## Aim of the task
In the entries that follow, the lines from the one with "Definition pset (d : nat) := point d -> Prop." through the one with "(* Satisfaction in" are the ones to write out, exactly and with both ends included. Nothing else should appear.

## Supplied records
(* Let $Q=\langle A_k,s_i:k<n,i<m\rangle$ (with $n$ minimal). Then there is an $\mathscr{L}_{\omega\omega}(Q)$-formula $\chi(x,y)$, with $x,y$ $d$-tuples of variables, such that for all $a,b\in\mathbb{N}^d$: $\mathbb{N}\models\chi(a,b)$ if and only if $a,b\in A_k$ for some $k<n$.
   Context: For $A\subseteq\mathbb{N}^d$ let $Q_A=\{X\subseteq\mathbb{N}^d:A\subseteq X\}$, $Q_A^{1}=Q_A$ and $Q_A^{-1}$ the complement of $Q_A$ in the power set of $\mathbb{N}^d$. The notation $Q=\langle A_k,s_i:k<n,i<m\rangle$ means: $\langle A_k:k<n\rangle$ is a partition of $\mathbb{N}^d$ for some $d<\omega$, $s_i\in\{1,-1\}^n$ for $i<m$, $Q=\bigcup_{i<m}\bigcap_{k<n}Q_{A_k}^{s_i(k)}$, and $n$ is minimal among all such representations of $Q$. $Q$ is a quantifier of type $\langle d\rangle$ on $\mathbb{N}$. $\mathscr{L}_{\omega\omega}(Q)$ is first-order logic extended by formulas $Qx\,\varphi(x,y)$ ($x$ a $d$-tuple of variables) with $\mathbb{N}\models Qx\,\varphi(x,b)$ iff $\{a\in\mathbb{N}^d:\mathbb{N}\models\varphi(a,b)\}\in Q$; formulas have no non-logical symbols besides $Q$. *)

From mathcomp Require Import all_boot.
Set Implicit Arguments. Unset Strict Implicit. Unset Printing Implicit Defensive.

Definition point (d : nat) := 'I_d -> nat.
Definition pset (d : nat) := point d -> Prop.
Definition quant (d : nat) := pset d -> Prop.

(* Q_A = {X | A ⊆ X};  Q_A^1 = Q_A, Q_A^{-1} = complement. Sign 1 ~ true, -1 ~ false. *)
Definition QA d (A : pset d) : quant d := fun X => forall x, A x -> X x.
Definition QAs d (A : pset d) (s : bool) : quant d :=
  fun X => if s then QA A X else ~ QA A X.

Definition is_partition d n (A : 'I_n -> pset d) : Prop :=
  (forall k, exists x, A k x) /\
  (forall x, exists k, A k x) /\
  (forall x k l, A k x -> A l x -> k = l).

Definition represents d n (A : 'I_n -> pset d) m (s : 'I_m -> 'I_n -> bool)
    (Q : quant d) : Prop :=
  is_partition A /\ forall X, Q X <-> exists i, forall k, QAs (A k) (s i k) X.

Definition presentation d n (A : 'I_n -> pset d) m (s : 'I_m -> 'I_n -> bool)
    (Q : quant d) : Prop :=
  represents A s Q /\
  forall n' (A' : 'I_n' -> pset d) m' (s' : 'I_m' -> 'I_n' -> bool),
    represents A' s' Q -> n <= n'.

Inductive form (d : nat) : Type :=
| FEq  : nat -> nat -> form d
| FNot : form d -> form d
| FAnd : form d -> form d -> form d
| FEx  : nat -> form d -> form d
| FQ   : (point d) -> form d -> form d.  (* Q x φ, x = (x_0..x_{d-1}) variable indices *)

Definition tuple_inj d (xs : point d) : bool :=
  [forall i : 'I_d, forall j : 'I_d, (xs i == xs j) ==> (i == j)].

Definition upd d (e : nat -> nat) (xs : point d) (a : point d) : nat -> nat :=
  fun v => match [pick i | xs i == v] with Some i => a i | None => e v end.

Definition upd1 (e : nat -> nat) (x a : nat) : nat -> nat :=
  fun v => if v == x then a else e v.

(* Satisfaction in the structure N (pure equality + Q). A Q-quantifier block
   is only meaningful for pairwise distinct variables; otherwise it is false. *)
Fixpoint sat d (Q : quant d) (e : nat -> nat) (f : form d) : Prop :=
  match f with
  | FEq u v => e u = e v
  | FNot g => ~ sat Q e g
  | FAnd g h => sat Q e g /\ sat Q e h
  | FEx x g => exists a : nat, sat Q (upd1 e x a) g
  | FQ xs g => tuple_inj xs /\ Q (fun a => sat Q (upd e xs a) g)
  end.

Fixpoint fv d (f : form d) (v : nat) : bool :=
  match f with
  | FEq u w => (v == u) || (v == w)
  | FNot g => fv g v
  | FAnd g h => fv g v || fv h v
  | FEx x g => (v != x) && fv g v
  | FQ xs g => fv g v && ~~ [exists i, xs i == v]
  end.

From mathcomp Require Import all_boot boolp.
Set Implicit Arguments. Unset Strict Implicit. Unset Printing Implicit Defensive.

(* Membership of X in Q depends only on the pattern k |-> [A_k ⊆ X]. The
   formula χ(x, y) says: for all c_0, ..., c_{n-1}, Q holds of the complement of
   {x, c_0, ..., c_{n-1}} iff it holds of the complement of {y, c_0, ..., c_{n-1}}.
   If x and y lie in the same block, both sets have the same pattern. If x ∈ A_k
   and y ∈ A_l with k ≠ l, letting the c_j hit prescribed blocks shows that Q does
   not separate patterns that agree outside {k, l} and have the same value of
   p_k ∧ p_l; so merging A_k and A_l gives a representation of Q with n - 1
   blocks, against the minimality of n. *)

Lemma QAsE d (B : pset d) (b : bool) X : QAs B b X <-> (b <-> QA B X).
Proof.
rewrite /QAs; case: b; split.
- by split.
- by case=> H _; apply: H.
- by move=> H; split=> // /H.
- by case=> _ H /H.
Qed.

Definition blocks d n (A : 'I_n -> pset d) (p : 'I_n -> bool) : pset d :=
  fun x => exists2 k, p k & A k x.

Definition pattern d n (A : 'I_n -> pset d) (X : pset d) (k : 'I_n) : bool :=
  `[< QA (A k) X >].

Definition avoiding d r (a : point d) (c : 'I_r -> point d) : pset d :=
  fun w => ~ (w = a \/ exists j, w = c j).

Lemma QA_avoiding d r (B : pset d) a (c : 'I_r -> point d) :
  QA B (avoiding a c) <-> ~ (B a \/ exists j, B (c j)).
Proof.
split=> [H [Ba | [j Bc]] | H x Bx [Ex | [j Ex]]]; apply: H.
- exact: Ba.
- by left.
- exact: Bc.
- by right; exists j.
- by left; rewrite -Ex.
- by right; exists j; rewrite -Ex.
Qed.

Section Representation.
Variables (d n m : nat) (A : 'I_n -> pset d) (s : 'I_m -> 'I_n -> bool).
Variable Q : quant d.
Hypothesis HQ : represents A s Q.

Let blocks_nonempty k : exists x, A k x. Proof. exact: HQ.1.1 k. Qed.
Let blocks_disjoint x k l : A k x -> A l x -> k = l. Proof. exact: HQ.1.2.2. Qed.

Lemma representsE X : Q X <-> exists i, s i =1 pattern A X.
Proof.
rewrite HQ.2; split=> -[i Hi]; exists i => k; move: (Hi k); rewrite QAsE.
- by move=> E; apply/idP/asboolP => /E.
- by move=> E; split=> [/[!E]/asboolP | /asboolP/[!E]].
Qed.

Lemma Q_pattern X Y : pattern A X =1 pattern A Y -> Q X -> Q Y.
Proof.
by move=> E /representsE [i Hi]; apply/representsE; exists i => k; rewrite Hi E.
Qed.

## Task answer
Definition pset (d : nat) := point d -> Prop.
Definition quant (d : nat) := pset d -> Prop.

(* Q_A = {X | A ⊆ X};  Q_A^1 = Q_A, Q_A^{-1} = complement. Sign 1 ~ true, -1 ~ false. *)
Definition QA d (A : pset d) : quant d := fun X => forall x, A x -> X x.
Definition QAs d (A : pset d) (s : bool) : quant d :=
  fun X => if s then QA A X else ~ QA A X.

Definition is_partition d n (A : 'I_n -> pset d) : Prop :=
  (forall k, exists x, A k x) /\
  (forall x, exists k, A k x) /\
  (forall x k l, A k x -> A l x -> k = l).

Definition represents d n (A : 'I_n -> pset d) m (s : 'I_m -> 'I_n -> bool)
    (Q : quant d) : Prop :=
  is_partition A /\ forall X, Q X <-> exists i, forall k, QAs (A k) (s i k) X.

Definition presentation d n (A : 'I_n -> pset d) m (s : 'I_m -> 'I_n -> bool)
    (Q : quant d) : Prop :=
  represents A s Q /\
  forall n' (A' : 'I_n' -> pset d) m' (s' : 'I_m' -> 'I_n' -> bool),
    represents A' s' Q -> n <= n'.

Inductive form (d : nat) : Type :=
| FEq  : nat -> nat -> form d
| FNot : form d -> form d
| FAnd : form d -> form d -> form d
| FEx  : nat -> form d -> form d
| FQ   : (point d) -> form d -> form d.  (* Q x φ, x = (x_0..x_{d-1}) variable indices *)

Definition tuple_inj d (xs : point d) : bool :=
  [forall i : 'I_d, forall j : 'I_d, (xs i == xs j) ==> (i == j)].

Definition upd d (e : nat -> nat) (xs : point d) (a : point d) : nat -> nat :=
  fun v => match [pick i | xs i == v] with Some i => a i | None => e v end.

Definition upd1 (e : nat -> nat) (x a : nat) : nat -> nat :=
  fun v => if v == x then a else e v.

(* Satisfaction in the structure N (pure equality + Q). A Q-quantifier block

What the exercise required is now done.